* [Aim of the exercise]:
Both the line below containing "Variables (d : Order.disp_t) (T : porderType" and the line containing "have le_ba : b <= a.", along with every line between them, should be repeated exactly; no other line belongs in the answer.

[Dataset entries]
(* Let $X\subseteq\mathbb{R}^n$ and let $F:X\rightrightarrows\mathbb{R}^m$ be a set-valued function with open graph and nonempty monovex values. Then $F$ has a continuous selection: there is a continuous function $f:X\to\mathbb{R}^m$ with $f(x)\in F(x)$ for every $x\in X$.
   Context: A set $B \subseteq \mathbb{R}^m$ is monovex if for every $x,y \in B$ there is a continuous path $\gamma:[0,1]\to B$ with $\gamma(0)=x$, $\gamma(1)=y$ and each coordinate $\gamma_i$ monotone (nondecreasing or nonincreasing). The graph of $F$ is $\{(x,y)\in X\times\mathbb{R}^m: y\in F(x)\}$, and ''open graph'' means this set is open in $X\times\mathbb{R}^m$. *)

From HB Require Import structures.
From mathcomp Require Import all_boot all_order all_algebra.
From mathcomp Require Import all_classical all_reals all_analysis.
Set Implicit Arguments. Unset Strict Implicit. Unset Printing Implicit Defensive.
Import Order.TTheory GRing.Theory Num.Theory numFieldNormedType.Exports.
Local Open Scope classical_set_scope.
Local Open Scope ring_scope.

(* Points of R^k are row vectors 'rV[R]_k with the (sup-)norm topology
   provided by MathComp-Analysis. *)

Definition monotone01 (R : realType) (g : R -> R) : Prop :=
  {in `[0, 1]%R &, {homo g : s t / s <= t}} \/
  {in `[0, 1]%R &, {homo g : s t / s <= t >-> t <= s}}.

Definition monovex (R : realType) (m : nat) (B : set 'rV[R]_m) : Prop :=
  forall x y, B x -> B y ->
    exists gamma : R -> 'rV[R]_m,
      {within `[0, 1]%classic, continuous gamma} /\
      gamma 0 = x /\ gamma 1 = y /\
      (forall t, t \in `[0, 1]%R -> B (gamma t)) /\
      (forall i : 'I_m, monotone01 (fun t => gamma t ord0 i)).
(* Let $S$ be a nonempty complete lattice and let $F:S\to 2^S$ be a lower V-ascending correspondence. Suppose that for every $x\in S$, the value $F(x)$ has a least element. Then $F$ has a least fixed point, i.e. the set $\{s\in S:s\in F(s)\}$ is nonempty and has a least element.
   Context: A poset $S$ is a complete lattice if every nonempty subset has a supremum and infimum in $S$. A correspondence $F:S\to 2^S$ on a lattice $S$ is lower V-ascending if for all $x<x'$ in $S$ (strict inequality), every $y\in F(x)$ and every $y'\in F(x')$, one has $y\wedge y'\in F(x)$. *)

From mathcomp Require Import all_boot all_order.
Set Implicit Arguments. Unset Strict Implicit. Unset Printing Implicit Defensive.
Import Order.TTheory.
Local Open Scope order_scope.

(* Subsets of a type are predicates [T -> Prop]; a correspondence
   F : S -> 2^S is a function [S -> (S -> Prop)], with [y \in F x] read as [F x y]. *)

Definition is_upper_bound d (T : porderType d) (A : T -> Prop) (u : T) :=
  forall a, A a -> a <= u.
Definition is_lower_bound d (T : porderType d) (A : T -> Prop) (l : T) :=
  forall a, A a -> l <= a.

Definition is_sup d (T : porderType d) (A : T -> Prop) (s : T) :=
  is_upper_bound A s /\ forall u, is_upper_bound A u -> s <= u.
Definition is_inf d (T : porderType d) (A : T -> Prop) (s : T) :=
  is_lower_bound A s /\ forall l, is_lower_bound A l -> l <= s.

Definition complete_lattice d (T : porderType d) :=
  forall A : T -> Prop, (exists a, A a) ->
    (exists s, is_sup A s) /\ (exists s, is_inf A s).

Definition is_least d (T : porderType d) (A : T -> Prop) (m : T) :=
  A m /\ forall a, A a -> m <= a.

Definition lower_V_ascending d (T : latticeType d) (F : T -> T -> Prop) :=
  forall x x' : T, x < x' ->
    forall y y', F x y -> F x' y' -> F x (y `&` y').

Definition fixed_points d (T : porderType d) (F : T -> T -> Prop) : T -> Prop :=
  fun s => F s s.

(* The least-element selection f x := min F(x) is monotone: for x < x', the
   meet min F(x) `&` min F(x') lies in F(x), so min F(x) <= min F(x').
   Tarski's argument then applies to f: the infimum of the nonempty set
   {x | f x <= x} (it contains the top of S) is a fixed point of f, hence of F,
   and it lies below every fixed point t of F, since f t <= t. *)

From mathcomp Require Import all_boot all_order.
Set Implicit Arguments. Unset Strict Implicit. Unset Printing Implicit Defensive.

Import Order.TTheory.
Local Open Scope order_scope.

Section LeastSelection.

Variables (d : Order.disp_t) (T : latticeType d) (F : T -> T -> Prop).
Hypothesis F_lva : lower_V_ascending F.

Lemma lower_V_ascending_least_le x x' y y' :
  x <= x' -> is_least (F x) y -> is_least (F x') y' -> y <= y'.
Proof.
move=> le_xx' [Fy least_y] [Fy' _].
case: (eqVneq x x') => [eq_xx' | ne_xx']; first by apply: least_y; rewrite eq_xx'.
have lt_xx' : x < x' by rewrite lt_neqAle ne_xx'.
exact: le_trans (least_y _ (F_lva lt_xx' Fy Fy')) (leIr _ _).
Qed.

End LeastSelection.

Section MonotoneTarski.

Variables (d : Order.disp_t) (T : porderType d) (R : T -> T -> Prop).
Hypothesis R_total : forall x, exists y, R x y.
Hypothesis R_mono : forall x x' y y', x <= x' -> R x y -> R x' y' -> y <= y'.

Definition deflationary_points : T -> Prop := fun x => exists2 y, R x y & y <= x.

Lemma upper_bound_deflationary s :
  is_upper_bound (fun _ => True) s -> deflationary_points s.
Proof. by move=> ub_s; have [y Rsy] := R_total s; exists y => //; apply: ub_s. Qed.

Lemma inf_deflationary_fixed a : is_inf deflationary_points a -> R a a.
Proof.
move=> [lb_a glb_a]; have [b Rab] := R_total a.
have le_ba : b <= a.
  apply: glb_a => x [y Rxy le_yx].
  have le_ax : a <= x by apply: lb_a; exists y.
  exact: le_trans (R_mono le_ax Rab Rxy) le_yx.
have [c Rbc] := R_total b.
have le_ab : a <= b by apply: lb_a; exists c => //; exact: R_mono Rbc Rab.
have eq_ba : b = a by apply/le_anti; rewrite le_ba le_ab.
by rewrite -{2}eq_ba.
Qed.

End MonotoneTarski.

Theorem lemma2p10 (d : Order.disp_t) (S : latticeType d)
  (S_nonempty : exists x : S, True)
  (S_complete : complete_lattice S)
  (F : S -> S -> Prop)
  (F_lva : lower_V_ascending F)
  (F_least : forall x : S, exists m, is_least (F x) m) :
  (exists s, fixed_points F s) /\ (exists m, is_least (fixed_points F) m).
Proof.
pose f_mono := lower_V_ascending_least_le F_lva.
pose A := deflationary_points (fun x => is_least (F x)).
have [[top [ub_top _]] _] := S_complete (fun _ => True) S_nonempty.
have A_top : A top := upper_bound_deflationary F_least ub_top.
have [_ [a inf_a]] := S_complete A (ex_intro _ top A_top).
have [Faa _] := inf_deflationary_fixed F_least f_mono inf_a.
split; first by exists a.
exists a; split => // t Ftt.
have [y [Fy least_y]] := F_least t.
by apply: inf_a.1; exists y; [split | apply: least_y].
Qed.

* [Task response]:
Variables (d : Order.disp_t) (T : porderType d) (R : T -> T -> Prop).
Hypothesis R_total : forall x, exists y, R x y.
Hypothesis R_mono : forall x x' y y', x <= x' -> R x y -> R x' y' -> y <= y'.

Definition deflationary_points : T -> Prop := fun x => exists2 y, R x y & y <= x.

Lemma upper_bound_deflationary s :
  is_upper_bound (fun _ => True) s -> deflationary_points s.
Proof. by move=> ub_s; have [y Rsy] := R_total s; exists y => //; apply: ub_s. Qed.

Lemma inf_deflationary_fixed a : is_inf deflationary_points a -> R a a.
Proof.
move=> [lb_a glb_a]; have [b Rab] := R_total a.
have le_ba : b <= a.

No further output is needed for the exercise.